Star Vegas Resort & Club is one of its largest business located in Poipet, Cambodia. The figure below shows the performance of Star Vegas in 1H19:
The company holds strong management having people with a great set of skills and experience including Mr Paul Arbuckle, Chief Executive Officer; Mr Chong Kwong Yang, Chief Financial Officer; Mr Kenny Goh Kwey Biaw, Deputy Chief Financial Officer; Mr Gerald Nicholas Tan Eng Hoe, Chief Operating Officer and many others.
Recently, the stock of the company touched a six-month high value following the appointment of a new Chief Executive Officer. The stock has delivered an enormous return of 229.24 per cent in the last ten years.
BHP Group Limited
A world-leading resources company headquartered in Australia, BHP Group Limited (ASX: BHP) is engaged in the extraction and processing of minerals, oil and gas.
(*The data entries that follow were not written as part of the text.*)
(* Polarization: v† A v is real for v = e_i + a e_j with a = 1 and a = i. *)
Lemma psdmx_herm n (A : 'M[C]_n) : psdmx A -> forall i j, (A j i)^* = A i j.
Proof.
move=> psdA i j; pose e k : 'cV[C]_n := delta_mx k 0.
have form_real u : (mxform A u u)^* = mxform A u u by apply/CrealP/ger0_real/psdA.
have diag_real k : (A k k)^* = A k k by rewrite -mxform_delta form_real.
set x := A i j; set y := A j i.
have cross a : a^* * x^* + a * y^* = a * x + a^* * y.
  have := form_real (e i + a *: e j).
  rewrite !(mxformDl, mxformDr, mxformZl, mxformZr, mxform_delta) -/x -/y.
  rewrite !(rmorphD, rmorphM) /= conjCK !diag_real => /eqP.
  rewrite -subr_eq0 => /eqP E; apply/eqP; rewrite -subr_eq0; apply/eqP.
  by rewrite -{}E; ring.
have c1 := cross 1; have ci := cross 'i; rewrite conjC1 in c1; rewrite conjCi in ci.
suff : (y^* - x) *+ 2 = 0 by move/eqP; rewrite mulrn_eq0 subr_eq0 => /eqP.
(* c1 - i ci, plus a multiple of 1 + i^2 = 0 *)
have -> : (y^* - x) *+ 2 = (1 * x^* + 1 * y^* - (1 * x + 1 * y))
    - 'i * (- 'i * x^* + 'i * y^* - ('i * x + - 'i * y))
    - (1 + 'i ^+ 2) * (x^* - y^* + x - y) by ring.
by rewrite c1 ci sqrCi !subrr; ring.
Qed.

Lemma psdmx_adj n (A : 'M[C]_n) : psdmx A -> adjmx A = A.
Proof. by move=> psdA; apply/matrixP => i j; rewrite adjmxE psdmx_herm. Qed.

Lemma adjmx_conj_diag n (A U : 'M[C]_n) i :
  (adjmx U *m A *m U) i i = (adjmx (col i U) *m A *m col i U) 0 0.
Proof.
rewrite !mxE; apply: eq_bigr => k _; rewrite !mxE; congr (_ * _).
by apply: eq_bigr => l _; rewrite !mxE.
Qed.

Lemma density_spectral n (A : 'M[C]_n) : density A ->
  exists (Q : 'M[C]_n) (sp : 'rV[C]_n),
  [/\ Q *m adjmx Q = 1%:M, forall k, 0 <= sp 0 k, \sum_k sp 0 k = 1 &
      A = adjmx Q *m diag_mx sp *m Q].
Proof.
move=> [psdA trA].
have adj_tstar m k (M : 'M[C]_(m, k)) : map_mx Num.conj M^T = adjmx M.
  by rewrite /adjmx map_trmx.
have /orthomx_spectralP : A \is normalmx.
  by apply/normalmxP; rewrite adj_tstar psdmx_adj.
rewrite invmx_unitary ?spectral_unitarymx // adj_tstar.
have /unitarymxP := spectral_unitarymx A; rewrite adj_tstar.
set Q := spectralmx A; set sp := spectral_diag A => QU AE.
exists Q, sp; split => //.
- move=> k; have := psdA (col k (adjmx Q)); rewrite -adjmx_conj_diag adjmxK.
  by rewrite {1}AE !mulmxA QU mul1mx -mulmxA QU mulmx1 mxE eqxx mulr1n.
- by rewrite -trA {1}AE mxtrace_mulC mulmxA QU mul1mx mxtrace_diag.
Qed.

Definition rank1_decomp (K : finType) n (A : 'M[C]_n) (c : K -> C)
    (p q : K -> 'I_n -> C) : Prop :=
  [/\ forall i j, A i j = \sum_k c k * p k i * (q k j)^*,
      forall k, \sum_i `|p k i| ^+ 2 <= 1 &
      forall k, \sum_i `|q k i| ^+ 2 <= 1].

Lemma sum_pair_diag n (f : 'I_n -> C) :
  \sum_(k : 'I_n * 'I_n) (k.1 == k.2)%:R * f k.1 = \sum_l f l.
Proof.
rewrite -(pair_bigA _ (fun a b => (a == b)%:R * f a)); apply: eq_bigr => a _ /=.
rewrite (bigD1 a) //= eqxx mul1r big1 ?addr0 // => b.
by rewrite eq_sym => /negbTE ->; rewrite mul0r.
Qed.

(* Indexed by pairs, like the entrywise decomposition of [entry_rank1_decomp],
   so that both kinds of factors fit in one tensor product. *)
Lemma density_rank1_decomp n (A : 'M[C]_n) : density A ->
  exists (c : 'I_n * 'I_n -> C) (p : 'I_n * 'I_n -> 'I_n -> C),
    rank1_decomp A c p p /\ \sum_k `|c k| = 1.
Proof.
move=> densA; have [Q [sp [QU sp_ge0 sp_sum ->]]] := density_spectral densA.
have row_norm l : \sum_i `|(Q l i)^*| ^+ 2 = 1.
  have := congr1 (fun M : 'M[C]_n => M l l) QU; rewrite /= !mxE eqxx mulr1n => <-.
  by apply: eq_bigr => i _; rewrite adjmxE norm_conjC normCK.
exists (fun k => (k.1 == k.2)%:R * sp 0 k.1), (fun k i => (Q k.1 i)^*).
split; first split=> [i j|k|k]; rewrite ?row_norm //.
- under eq_bigr do rewrite conjCK -!mulrA.
  rewrite (sum_pair_diag (fun l => sp 0 l * ((Q l i)^* * Q l j))) mxE.
  by apply: eq_bigr => l _; rewrite mul_mx_diag !mxE; ring.
- under eq_bigr do rewrite normrM ger0_norm ?ler0n //.
  rewrite (sum_pair_diag (fun l => `|sp 0 l|)) -sp_sum.
  by apply: eq_bigr => l _; rewrite ger0_norm.
Qed.

Lemma density_entry_le1 n (A : 'M[C]_n) : density A -> forall i j, `|A i j| <= 1.
Proof.
move=> /density_rank1_decomp[c [p [[Ac p_le1 _] c_sum]]] i j.
have p_entry_le1 k l : `|p k l| <= 1.
  rewrite -(@expr_le1 _ 2) //; apply: le_trans (p_le1 k).
  by rewrite (bigD1 l) //= lerDl sumr_ge0 // => ? _; apply: exprn_ge0.
rewrite Ac -c_sum; apply: le_trans (ler_norm_sum _ _ _) _; apply: ler_sum => k _.
rewrite !normrM norm_conjC -mulrA ler_piMr //.
exact: mulr_ile1.
Qed.

Lemma spectrum_of_psdmx n (A : 'M[C]_n) lam : psdmx A -> spectrum_of A lam ->
  (forall i, 0 <= lam 0 i) /\ (\sum_i lam 0 i)%:C%C = \tr A.
Proof.
move=> psdA [U [UU AE]]; have UU' := unitarymx_adjK UU.
split.
  move=> i; have := psdA (col i U); rewrite -adjmx_conj_diag.
  rewrite AE !mulmxA UU' mul1mx -mulmxA UU' mulmx1 !mxE eqxx mulr1n.
  by rewrite RC_ge0.
rewrite AE mxtrace_mulC mulmxA UU' mul1mx mxtrace_diag.
by rewrite (@rmorph_sum _ _ (complex.real_complex R)); apply: eq_bigr => i _; rewrite mxE.
Qed.

(* [eigvals] falls back to [0] when [A] has no spectral decomposition. *)
Lemma density_eigvals n (A : 'M[C]_n) : density A ->
  forall i, 0 <= eigvals A 0 i <= 1.
Proof.
move=> [psdA trA] i; rewrite /eigvals.
have [ex|nex] := pselect (exists lam, spectrum_of A lam); last first.
  by rewrite xgetPN ?mxE ?lexx ?ler01 // => lam Alam; apply: nex; exists lam.
have := xgetPex 0 ex; set lam := xget _ _ => /(spectrum_of_psdmx psdA)[lam_ge0].
rewrite trA -[1]/(1%:C%C) => /(congr1 (@complex.Re R)) /= lam_sum.
rewrite lam_ge0 -lam_sum (bigD1 i) //= lerDl.
by apply: sumr_ge0 => j _; apply: lam_ge0.
Qed.

Lemma xlnx_bounds (x : R) : 0 <= x <= 1 -> 0 <= - (x * ln x) <= 1.
Proof.
move=> /andP[x_ge0 x_le1]; rewrite oppr_ge0 mulr_ge0_le0 ?ln_le0 //=.
have [->|x_neq0] := eqVneq x 0; first by rewrite mul0r oppr0.
have x_gt0 : 0 < x by rewrite lt_def x_neq0.
have ln_le : ln x^-1 <= x^-1 - 1.
  have := @le_ln1Dx R (x^-1 - 1); rewrite [1 + _]addrC subrK; apply.
  by rewrite ltrBrDl addrN invr_gt0.
rewrite lnV ?posrE // in ln_le.
rewrite -mulrN (le_trans (ler_wpM2l x_ge0 ln_le)) // mulrBr mulfV ?gt_eqF //.
by rewrite mulr1 lerBlDr lerDl.
Qed.

Lemma vN_entropy_bounds n (A : 'M[C]_n) : density A -> 0 <= vN_entropy A <= n%:R.
Proof.
move=> /density_eigvals ev; rewrite /vN_entropy -sumrN.
rewrite -[n in n%:R]card_ord -sumr_const.
by apply/andP; split; [apply: sumr_ge0 | apply: ler_sum] => i _;
  have /andP[] := xlnx_bounds (ev i).
Qed.

Lemma density_convex (X : finType) n (P : X -> R) (rho : X -> 'M[C]_n) :
  pmf P -> (forall x, density (rho x)) -> density (\sum_x (P x)%:C%C *: rho x).
Proof.
move=> [P_ge0 P_sum] dens; split.
  move=> v; rewrite mulmx_sumr mulmx_suml summxE; apply: sumr_ge0 => x _.
  rewrite -scalemxAr -scalemxAl mxE mulr_ge0 ?RC_ge0 //.
  exact: (dens x).1.
rewrite raddf_sum /= -[1]/(1%:C%C) -P_sum (@rmorph_sum _ _ (complex.real_complex R)).
by apply: eq_bigr => x _; rewrite mxtraceZ (dens x).2 mulr1.
Qed.

Lemma holevo_ge (X : finType) n (P : X -> R) (rho : X -> 'M[C]_n) :
  pmf P -> (forall x, density (rho x)) -> - n%:R <= holevo P rho.
Proof.
move=> PP dens; rewrite /holevo -sub0r; apply: lerB.
  by have /andP[] := vN_entropy_bounds (density_convex PP dens).
apply: (le_trans (y := \sum_x P x * n%:R)); last by rewrite -mulr_suml PP.2 mul1r.
apply: ler_sum => x _; apply: ler_wpM2l; first exact: PP.1.
by have /andP[] := vN_entropy_bounds (dens x).
Qed.

Lemma holevo_ge_inf (X : finType) (Theta : Type) n (P : X -> R)
    (rho : Theta -> X -> 'M[C]_n) :
  pmf P -> (forall th x, density (rho th x)) ->
  forall th, inf [set holevo P (rho th) | th in [set: Theta]] <= holevo P (rho th).
Proof.
move=> PP dens th; apply: ge_inf; last by exists th.
by exists (- n%:R) => _ [th' _ <-]; exact: holevo_ge.
Qed.

Definition contraction n (W : 'M[C]_n) : Prop :=
  forall v : 'cV[C]_n, (adjmx (W *m v) *m (W *m v)) 0 0 <= (adjmx v *m v) 0 0.

Lemma cV_norm_ge0 n (v : 'cV[C]_n) : 0 <= (adjmx v *m v) 0 0.
Proof. by rewrite cV_normE sumr_ge0 // => i _; apply: exprn_ge0. Qed.

Lemma contraction0 n : contraction (0 : 'M[C]_n).
Proof. by move=> v; rewrite mul0mx mulmx0 mxE cV_norm_ge0. Qed.

Lemma partial_isometry_contraction n (U Y : 'M[C]_n) :
  adjmx U *m U = 1%:M -> Y *m (adjmx Y *m Y) = Y -> contraction (U *m adjmx Y).
Proof.
move=> UU YY v; set E := Y *m adjmx Y.
have EE : E *m E = E by rewrite /E mulmxA -[Y *m _ *m Y]mulmxA YY.
have E_adj : adjmx E = E by rewrite /E adjmxM adjmxK.
have -> : adjmx (U *m adjmx Y *m v) *m (U *m adjmx Y *m v) = adjmx v *m E *m v.
  by rewrite !adjmxM adjmxK !mulmxA -[adjmx v *m Y *m adjmx U *m U]mulmxA UU mulmx1.
have := cV_norm_ge0 ((1%:M - E) *m v).
rewrite adjmxM adjmxB adjmx1 E_adj mulmxA -(mulmxA (adjmx v)) mulmxBl mul1mx.
rewrite [E *m (_ - _)]mulmxBr mulmx1 EE subrr subr0 mulmxBr mulmx1 mulmxBl.
by rewrite mxBE subr_ge0.
Qed.

Lemma diag_real_mul n (a b : 'rV[R]_n) :
  diag_mx (map_mx RC a) *m diag_mx (map_mx RC b) =
  diag_mx (map_mx RC (\row_i (a 0 i * b 0 i))).
Proof.
rewrite mulmx_diag; congr diag_mx.
by apply/rowP => i; rewrite !mxE rmorphM.
Qed.

Lemma invr_sqrt_mul (r : R) : (Num.sqrt r)^-1 * r = Num.sqrt r.
Proof.
have [r_le0|r_gt0] := lerP r 0.
  by move: r_le0; rewrite -sqrtr_eq0 => /eqP->; rewrite invr0 mul0r.
by rewrite -{2}(sqr_sqrtr (ltW r_gt0)) mulrA mulVf ?mul1r ?sqrtr_eq0 -?ltNge.
Qed.

Lemma mulVfV (x : R) : x^-1 * x * x^-1 = x^-1.
Proof. by have [->|x_neq0] := eqVneq x 0; rewrite ?invr0 ?mul0r // mulVf ?mul1r. Qed.

(* Polar decomposition: if D†D = U diag(lam) U†, then Y := D U diag(lam^-1/2)
   (reading 0^-1 as 0) is a partial isometry and tr (D U Y†) = Σ_i sqrt (lam i). *)
Lemma trnorm_dual n (D : 'M[C]_n) :
  (exists lam, spectrum_of (adjmx D *m D) lam) ->
  exists2 W, contraction W & (trnorm D)%:C%C = \tr (D *m W).
Proof.
move=> ex; have := xgetPex 0 ex; rewrite /trnorm /eigvals.
set lam := xget _ _ => -[U [/unitarymx_adjK UU DDE]].
have DD : adjmx U *m (adjmx D *m D) *m U = diag_mx (map_mx RC lam).
  by rewrite DDE !mulmxA UU mul1mx -mulmxA UU mulmx1.
pose sv := \row_i Num.sqrt (lam 0 i); pose sinv := \row_i (sv 0 i)^-1.
have [Y YE] : exists Y, Y = D *m U *m diag_mx (map_mx RC sinv) by eexists.
have YDU : adjmx Y *m D *m U = diag_mx (map_mx RC sv).
  rewrite YE !adjmxM adjmx_diag_real -!mulmxA [adjmx D *m _]mulmxA.
  rewrite [adjmx U *m _]mulmxA DD diag_real_mul; congr (diag_mx (map_mx RC _)).
  by apply/rowP => i; rewrite !mxE invr_sqrt_mul.
exists (U *m adjmx Y).
  apply: partial_isometry_contraction => //.
  rewrite {3}YE !mulmxA -2!(mulmxA Y) YDU YE -!mulmxA !diag_real_mul.
  by congr (_ *m (_ *m diag_mx (map_mx RC _))); apply/rowP => i; rewrite !mxE mulrA mulVfV.
rewrite mulmxA mxtrace_mulC mulmxA YDU mxtrace_diag.
by rewrite (@rmorph_sum _ _ (complex.real_complex R)); apply: eq_bigr => i _; rewrite !mxE.
Qed.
The company has a great set of leaders working with integrity including Mr Ken MacKenzie, Director and Chairman of BHP Group Limited; Mr Terry Bowen, Independent Director; Mr Malcolm Broomhead, Chairman of the Sustainability Committee and many more.
Take a look at BHP Group Limited’s H1 FY19 financial scorecard:
On 19th June 2019, the stock of the company closed at $40.98, the highest closing price in eight years. The stock has generated a YTD return of 26.90 per cent.
Another company that is in the list of blue-chip companies facing the regulatory experiment, Qantas Airways Limited has announced a major update today:
Qantas Set to Revamp Frequent Flyer Loyalty Program
Australian biggest airline, Qantas Airways Limited (ASX: QAN) is set to announce some major changes to its Frequent Flyer scheme. The company has made the biggest revamp in the scheme’s 32-year history, declaring its plan to free up an extra one million Classic Reward seats for frequent flyers. The company will invest $25 million to implement the changes to its frequent flyer program.
Qantas CEO, Alan Joyce and loyalty head Olivia Wirth have announced the following changes at a press conference in Sydney:
- The carrier charges for international flights to be reduced by 30-50 per cent.
- A million-extra reward-based seats per year on the aircraft.
- Points required for booking international economy flights to reduce by up to 10 per cent.
- Points required for booking expensive flights and class upgrades to increase by up to 15 per cent.
- A new two-tiered points club.
- A rise in the number of points required for upgrades.
- New airline partners include the likes of Air New Zealand, Air France and China Airlines.
- A new lifetime membership called Lifetime Platinum to launch in September.
The decrease in the requirement of economy points to come into effect today. However, the other changes will be rolled out later in the year.
In May this year, Qantas reported a rise in its third quarter of 2019 revenue by 2.3 per cent to $4.4 billion. The company informed that their revenue was affected by the timing of key holidays that shifted a significant amount of revenue to the fourth quarter.
The company’s stock closed lower on the ASX today at AUD 5.430, down by 1.63 per cent relative to the last close.